Running an ExecuTorch Model Using the Module Extension in C++¶
Author: Anthony Shoumikhin
In the Running an ExecuTorch Model in C++ Tutorial, we explored the lower-level ExecuTorch APIs for running an exported model. While these APIs offer zero overhead, great flexibility, and control, they can be verbose and complex for regular use. To simplify this and resemble PyTorch’s eager mode in Python, we introduce the Module facade APIs over the regular ExecuTorch runtime APIs. The Module APIs provide the same flexibility but default to commonly used components like DataLoader
and MemoryAllocator
, hiding most intricate details.
Example¶
Let’s see how we can run the SimpleConv
model generated from the Exporting to ExecuTorch tutorial using the Module
APIs:
#include <executorch/extension/module/module.h>
using namespace ::torch::executor;
// Create a Module.
Module module("/path/to/model.pte");
// Wrap the input data with a Tensor.
float input[1 * 3 * 256 * 256];
Tensor::SizesType sizes[] = {1, 3, 256, 256};
TensorImpl tensor(ScalarType::Float, std::size(sizes), sizes, input);
// Perform an inference.
const auto result = module.forward({EValue(Tensor(&tensor))});
// Check for success or failure.
if (result.ok()) {
// Retrieve the output data.
const auto output = result->at(0).toTensor().const_data_ptr<float>();
}
The code now boils down to creating a Module
and calling forward()
on it, with no additional setup. Let’s take a closer look at these and other Module
APIs to better understand the internal workings.
APIs¶
Creating a Module¶
Creating a Module
object is an extremely fast operation that does not involve significant processing time or memory allocation. The actual loading of a Program
and a Method
happens lazily on the first inference unless explicitly requested with a dedicated API.

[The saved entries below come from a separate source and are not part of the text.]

Lemma mid_pot_lipschitz (u v a b : V) t1 t2 : u != v -> a != b ->
  0 <= t1 <= 1 -> 0 <= t2 <= 1 ->
  mid_pot u v (pt a b t2) - mid_pot u v (pt a b t1) <= Rabs (t1 - t2).
Proof.
move=> uv ab t1_01 t2_01; rewrite /mid_pot /pt.
case: (u =P a) => [Eua|_]; case: (u =P b) => [Eub|_];
case: (v =P a) => [Eva|_]; case: (v =P b) => [Evb|_];
  try (subst; rewrite ?eqxx in uv ab; done);
  rewrite /Rmin; repeat case: Rle_dec; rewrite /Rabs; case: Rcase_abs; lra.
Qed.

Lemma mid_pot_off_edge (u v a b : V) nu : u != v -> a != b -> a != u -> a != v ->
  mid_pot u v (pt a b nu) < 3/2 -> (b = u \/ b = v) /\ 3/2 - nu <= mid_pot u v (pt a b nu).
Proof.
move=> uv ab au av; rewrite /mid_pot /pt [u == a]eq_sym (negbTE au) [v == a]eq_sym (negbTE av).
case: (u =P b) => [<-|_].
  by rewrite eq_sym (negbTE uv) /Rmin; case: Rle_dec => ? ?; (split; [left | lra]).
by case: (v =P b) => [<-|_]; rewrite /Rmin; case: Rle_dec => ? ?;
  first [lra | split; [right | lra]].
Qed.

End Points.

Section Charges.
Variable V : finType.
Implicit Type st : step V.

Lemma step_lenE st :
  step_len st = Rmax (s_from st) (s_to st) - Rmin (s_from st) (s_to st).
Proof. by rewrite /step_len /Rmax /Rmin /Rabs; case: Rle_dec; case: Rcase_abs; lra. Qed.

(* [Rmin .. <= 0] says that the step touches s_u, [1 <= Rmax ..] that it touches s_v. *)
Definition charged (s : R) st : seq V :=
  if Rle_dec s (step_len st) then
    (if Rle_dec (Rmin (s_from st) (s_to st)) 0 then [:: s_v st] else [::]) ++
    (if Rle_dec 1 (Rmax (s_from st) (s_to st)) then [:: s_u st] else [::])
  else [::].

Lemma size_charged s st : 0 < s <= 1/2 -> INR (size (charged s st)) * s <= step_len st.
Proof.
move=> s_bds; rewrite /charged step_lenE.
have := Rmin_l (s_from st) (s_to st); have := Rmax_l (s_from st) (s_to st).
by case: Rle_dec => /= ?; [case: Rle_dec => ?; case: Rle_dec => ? /= |]; lra.
Qed.

Lemma size_flatten_charged s (ss : seq (step V)) : 0 < s <= 1/2 ->
  INR (size (flatten [seq charged s st | st <- ss])) * s <=
  foldr Rplus 0 (map (@step_len V) ss).
Proof.
move=> s_bds; elim: ss => [|st ss IH] /=; first lra.
by rewrite size_cat plus_INR; have := size_charged st s_bds; lra.
Qed.

Lemma mem_charged_v s st nu : Rmin (s_from st) (s_to st) <= 0 ->
  s <= nu <= Rmax (s_from st) (s_to st) -> s_v st \in charged s st.
Proof.
move=> touch_u nu_bds; rewrite /charged step_lenE.
case: Rle_dec => ?; last lra.
case: (Rle_dec (Rmin _ _) 0) => ?; last lra.
by rewrite mem_cat mem_seq1 eqxx.
Qed.

Lemma mem_charged_u s st nu : 1 <= Rmax (s_from st) (s_to st) ->
  Rmin (s_from st) (s_to st) <= nu <= 1 - s -> s_u st \in charged s st.
Proof.
move=> touch_v nu_bds; rewrite /charged step_lenE.
case: Rle_dec => ?; last lra.
case: (Rle_dec 1 _) => ?; last lra.
by rewrite mem_cat mem_seq1 eqxx orbT.
Qed.

Lemma mem_flatten_charged s (ss : seq (step V)) d k x : (k < size ss)%N ->
  x \in charged s (nth d ss k) -> x \in flatten [seq charged s st | st <- ss].
Proof.
move=> k_lt x_in; apply/flattenP; exists (charged s (nth d ss k)) => //.
by rewrite -(nth_map d [::]) // mem_nth // size_map.
Qed.

End Charges.

Section Walks.
Variables (V : finType) (e : rel V).
Hypothesis e_irr : irreflexive e.

Lemma step_ok_neq (st : step V) : step_ok e st -> s_u st != s_v st.
Proof. by move=> [uv _]; apply: contraTneq uv => ->; rewrite e_irr. Qed.

Lemma mid_pot_chain (u v : V) p ss : u != v -> chain e p ss ->
  mid_pot u v (last p (map (@step_dst V) ss)) - mid_pot u v p <=
  foldr Rplus 0 (map (@step_len V) ss).
Proof.
move=> uv; elim: ss p => [|st ss IH] p /=; first lra.
move=> [st_ok [<- chain_ss]]; have := IH _ chain_ss.
have [_ [from01 [to01 _]]] := st_ok.
have := mid_pot_lipschitz uv (step_ok_neq st_ok) from01 to01.
by rewrite /step_len /step_src /step_dst; lra.
Qed.

Lemma mid_pot_dist_le (u v : V) p q r : u != v -> dist_le e p q r ->
  mid_pot u v q <= mid_pot u v p + r.
Proof.
move=> uv [w [[_ chain_w] [<- [<- len_w]]]].
by have := mid_pot_chain uv chain_w; rewrite /wend; rewrite /wlength in len_w; lra.
Qed.

Lemma chain_nth_ok p ss d i : chain e p ss -> (i < size ss)%N -> step_ok e (nth d ss i).
Proof.
elim: ss p i => [|st ss IH] p [|i] //= [st_ok [_ chain_ss]] // i_lt.
exact: IH chain_ss i_lt.
Qed.

Lemma chain_nth_src p ss d i : chain e p ss -> (i < size ss)%N ->
  step_src (nth d ss i) = nth p (p :: map (@step_dst V) ss) i.
Proof.
elim: ss p i => [|st ss IH] p [|i] //= [_ [src_st chain_ss]] // i_lt.
rewrite (IH _ _ chain_ss i_lt); case: i i_lt => //= i i_lt.
by apply: set_nth_default; rewrite size_map; lia.
Qed.

Lemma walk_step_src (w : walk V) d i : is_walk e w -> (i < wz w)%N ->
  step_src (nth d (w_steps w) i) = stop w i.
Proof. by move=> [_ chain_w] /(chain_nth_src d chain_w). Qed.

Lemma walk_step_dst (w : walk V) d i : (i < wz w)%N ->
  step_dst (nth d (w_steps w) i) = stop w i.+1.
Proof. by move=> i_lt; rewrite /stop /stops /= (nth_map d). Qed.

Lemma tour_stop_mod (w : walk V) n : is_tour e w -> (n <= wz w)%N ->
  stop w (n %% wz w) = stop w n.
Proof.
move=> [_ closed_w]; rewrite leq_eqVlt => /orP[/eqP ->|n_lt]; last by rewrite modn_small.
by rewrite modnn /stop /stops /= -[X in nth _ _ X](size_map (@step_dst V)) nth_last.
Qed.

End Walks.

Section StepCharges.
Variables (V : finType) (e : rel V) (s : R).
Hypothesis e_irr : irreflexive e.

Lemma charged_traversal (st : step V) y1 y2 : s <= 1 -> step_ok e st ->
  step_src st = vtx y1 -> step_dst st = vtx y2 ->
  y1 \in charged s st /\ y2 \in charged s st.
Proof.
case: st => a b fr to s_le1 st_ok; have ab : a != b := step_ok_neq e_irr st_ok.
case: st_ok => [_ [_ [_ src_dst]]]; rewrite /step_src /step_dst /= in src_dst * => src dst.
have [[fr_v y1_v] [to_v y2_v]] : ((fr = 0 \/ fr = 1) /\ (y1 = a \/ y1 = b)) /\
                                 ((to = 0 \/ to = 1) /\ (y2 = a \/ y2 = b)).
  by split; [case: (pt_vtx ab src) | case: (pt_vtx ab dst)] => -[-> ->]; split;
    by [left | right].
have [min0 max1] : Rmin fr to <= 0 /\ 1 <= Rmax fr to.
  have := Rmin_l fr to; have := Rmax_r fr to; have := Rmin_r fr to; have := Rmax_l fr to.
  case: fr_v => E1; case: to_v => E2; rewrite E1 E2 in src_dst *;
    first [lra | by case: (src_dst erefl)].
have a_in : a \in charged s (Step a b fr to).
  by apply: (@mem_charged_u _ _ _ (Rmin fr to)) => //=; lra.
have b_in : b \in charged s (Step a b fr to).
  by apply: (@mem_charged_v _ _ _ (Rmax fr to)) => //=; lra.
by case: y1_v => ->; case: y2_v => ->; split.
Qed.

Lemma charged_near_midpoint (u v w : V) (st : step V) nu delta :
  u != v -> step_ok e st -> (step_src st = vtx w \/ step_dst st = vtx w) ->
  w != u -> w != v -> Rmin (s_from st) (s_to st) <= nu <= Rmax (s_from st) (s_to st) ->
  mid_pot u v (pt (s_u st) (s_v st) nu) <= delta -> delta < 3/2 -> s <= 3/2 - delta ->
  u \in charged s st \/ v \in charged s st.
Proof.
case: st => a b fr to uv st_ok; have ab : a != b := step_ok_neq e_irr st_ok.
rewrite /step_src /step_dst /= => w_end wu wv nu_bds near delta_lt s_le.
have [[touch_a Ew]|[touch_b Ew]] :
    (Rmin fr to <= 0 /\ w = a) \/ (1 <= Rmax fr to /\ w = b).
  have := Rmin_l fr to; have := Rmin_r fr to; have := Rmax_l fr to; have := Rmax_r fr to.
  by case: w_end => /(pt_vtx ab) [[-> ->]|[-> ->]]; [left | right | left | right];
    split => //; lra.
all: subst w.
- have [b_uv far] := mid_pot_off_edge (nu := nu) uv ab wu wv ltac:(lra).
  have b_in : b \in charged s (Step a b fr to).
    by apply: (@mem_charged_v _ _ _ nu) => //=; lra.
  by case: b_uv => <-; [left | right].
- rewrite pt_sym // in near; have ba : b != a by rewrite eq_sym.
  have [a_uv far] := mid_pot_off_edge (nu := 1 - nu) uv ba wu wv ltac:(lra).
  have a_in : a \in charged s (Step a b fr to).
    by apply: (@mem_charged_u _ _ _ nu) => //=; lra.
  by case: a_uv => <-; [left | right].
Qed.

End StepCharges.

Definition tour_cover (V : finType) (s : R) (x0 : V) (T : walk V) : seq V :=
  x0 :: flatten [seq charged s st | st <- w_steps T].

Lemma size_tour_cover (V : finType) (s : R) (x0 : V) (T : walk V) : 0 < s <= 1/2 ->
  INR (size (tour_cover s x0 T)) <= wlength T / s + 1.
Proof.
move=> s_bds; rewrite [size _]/= S_INR; have := size_flatten_charged (w_steps T) s_bds.
rewrite -/(wlength T) => sum_le; apply: Rplus_le_compat_r.
by apply: (Rmult_le_reg_r s); [lra | rewrite /Rdiv Rmult_assoc Rinv_l; lra].
Qed.

Section NiceTour.
Variables (V : finType) (e : rel V) (T : walk V) (s delta : R) (i0 : nat) (x0 : V).
Hypotheses (e_irr : irreflexive e) (tour_T : is_tour e T).
Hypothesis vertex_end : forall i, (1 <= i <= wz T)%N ->
  is_vertex (stop T i.-1) \/ is_vertex (stop T i).
Hypothesis excursion : forall i, (1 <= i <= wz T)%N -> ~ is_vertex (stop T i) ->
  stop T i.-1 = stop T ((i + 1) %% wz T).
Hypotheses (i0_le1 : (i0 <= 1)%N) (i0_le_z : (i0 <= wz T)%N) (stop_i0 : stop T i0 = vtx x0).
Hypothesis s_le1 : s <= 1.

Local Notation cover := (tour_cover s x0 T).

Lemma charged_sub_tour_cover d k x : (k < wz T)%N ->
  x \in charged s (nth d (w_steps T) k) -> x \in cover.
Proof. by move=> k_lt x_in; rewrite inE (mem_flatten_charged k_lt x_in) orbT. Qed.

Lemma vertex_stop_in_tour_cover k y : (k <= wz T)%N -> stop T k = vtx y -> y \in cover.
Proof.
have [walk_T _] := tour_T.
have from_i0 n : (i0 <= n <= wz T)%N -> forall x, stop T n = vtx x -> x \in cover.
  elim/ltn_ind: n => n IH /andP[i0_n n_le] x stop_n.
  have [n_i0|n_gt] : n = i0 \/ (i0 < n)%N by lia.
    by rewrite n_i0 stop_i0 in stop_n; rewrite -(vtx_inj stop_n) inE eqxx.
  case: n n_gt IH i0_n n_le stop_n => [//|m] m_gt IH i0_m m_le stop_m.
  have m_lt : (m < wz T)%N by lia.
  have [[x' stop_m_x']|not_vtx] := classic (is_vertex (stop T m)).
    apply: (charged_sub_tour_cover (d := Step x x 0 0) m_lt).
    have st_ok := chain_nth_ok (Step x x 0 0) walk_T.2 m_lt.
    have [_ //] := charged_traversal e_irr s_le1 st_ok
      (etrans (walk_step_src _ walk_T m_lt) stop_m_x') (etrans (walk_step_dst _ m_lt) stop_m).
  have i0_ne_m : i0 <> m by move=> i0m; apply: not_vtx; exists x0; rewrite -i0m.
  have := excursion (i := m) ltac:(lia) not_vtx.
  rewrite addn1 (tour_stop_mod tour_T m_le) stop_m => stop_back.
  by apply: (IH m.-1) => //; lia.
move=> k_le stop_k; case: (leqP i0 k) => [i0_k|k_lt]; first by apply: (from_i0 k) => //; lia.
have k0 : k = 0%N by lia.
apply: (from_i0 (wz T)); first by lia.
by rewrite -(tour_stop_mod tour_T (leqnn _)) modnn -k0.
Qed.

Hypothesis covering : forall p, in_PG e p -> exists q, on_tour T q /\ dist_le e p q delta.
Hypotheses (delta_lt : delta < 3/2) (s_le : s <= 3/2 - delta).

Lemma tour_cover_edge u v : e u v -> (u \in cover) || (v \in cover).
Proof.
move=> uv_edge; have uv : u != v by apply: contraTneq uv_edge => ->; rewrite e_irr.
apply/norP => -[u_out v_out]; have [walk_T _] := tour_T.
have mid_in : in_PG e (pt u v (1/2)) by exists u, v, (1/2); do !split => //; lra.
have [q [[st [st_in [nu [nu_bds ->]]]] near]] := covering mid_in.
have near_mid : mid_pot u v (pt (s_u st) (s_v st) nu) <= delta.
  by have := mid_pot_dist_le e_irr uv near; rewrite mid_pot_midpoint //; lra.
have [i i_lt nth_i] := In_nth_index st_in; change (is_true (i < wz T)%N) in i_lt.
have st_ok : step_ok e st by rewrite -nth_i; exact: chain_nth_ok walk_T.2 i_lt.
have [w w_end w_in] : exists2 w, step_src st = vtx w \/ step_dst st = vtx w & w \in cover.
  rewrite -nth_i (walk_step_src _ walk_T i_lt) (walk_step_dst _ i_lt).
  case: (vertex_end (i := i.+1) ltac:(lia)) => [[w stop_w]|[w stop_w]]; exists w;
    by [left | right | apply: vertex_stop_in_tour_cover stop_w; lia].
have [wu wv] : w != u /\ w != v.
  by split; apply: contraTneq w_in => ->.
have [u_ch|v_ch] :=
  charged_near_midpoint e_irr uv st_ok w_end wu wv nu_bds near_mid delta_lt s_le.
- by move: u_out; rewrite -nth_i in u_ch; rewrite (charged_sub_tour_cover i_lt u_ch).
- by move: v_out; rewrite -nth_i in v_ch; rewrite (charged_sub_tour_cover i_lt v_ch).
Qed.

Module module("/path/to/model.pte");
Force-Loading a Method¶
To force-load the Module
(and thus the underlying ExecuTorch Program
) at any time, use the load()
function:
const auto error = module.load();
assert(module.is_loaded());
To force-load a particular Method
, call the load_method()
function:
const auto error = module.load_method("forward");
assert(module.is_method_loaded("forward"));
Note: the Program
is loaded automatically before any Method
is loaded. Subsequent attemps to load them have no effect if one of the previous attemps was successful.
Querying for Metadata¶
Get a set of method names that a Module contains udsing the method_names()
function:
const auto method_names = module.method_names();
if (method_names.ok()) {
assert(method_names.count("forward"));
}
Note: method_names()
will try to force-load the Program
when called the first time.
Introspect miscellaneous metadata about a particular method via MethodMeta
struct returned by method_meta()
function:
const auto method_meta = module.method_meta("forward");
if (method_meta.ok()) {
assert(method_meta->name() == "forward");
assert(method_meta->num_inputs() > 1);
const auto input_meta = method_meta->input_tensor_meta(0);
if (input_meta.ok()) {
assert(input_meta->scalar_type() == ScalarType::Float);
}
const auto output_meta = meta->output_tensor_meta(0);
if (output_meta.ok()) {
assert(output_meta->sizes().size() == 1);
}
}
Note: method_meta()
will try to force-load the Method
when called for the first time.
Perform an Inference¶
Assuming that the Program
’s method names and their input format is known ahead of time, we rarely need to query for those and can run the methods directly by name using the execute()
function:
const auto result = module.execute("forward", {EValue(Tensor(&tensor))});
Which can also be simplified for the standard forward()
method name as:
const auto result = module.forward({EValue(Tensor(&tensor))});
Note: execute()
or forward()
will try to force load the Program
and the Method
when called for the first time. Therefore, the first inference will take more time than subsequent ones as it loads the model lazily and prepares it for execution unless the Program
or Method
was loaded explicitly earlier using the corresponding functions.
Result and Error Types¶
Most of the ExecuTorch APIs, including those described above, return either Result
or Error
types. Let’s understand what those are:
Error
is a C++ enum containing a collection of valid error codes, where the default isError::Ok
, denoting success.Result
can hold either anError
if the operation has failed or a payload, i.e., the actual result of the operation like anEValue
wrapping aTensor
or any other standard C++ data type if the operation succeeded. To check ifResult
has a valid value, call theok()
function. To get theError
use theerror()
function, and to get the actual data, use the overloadedget()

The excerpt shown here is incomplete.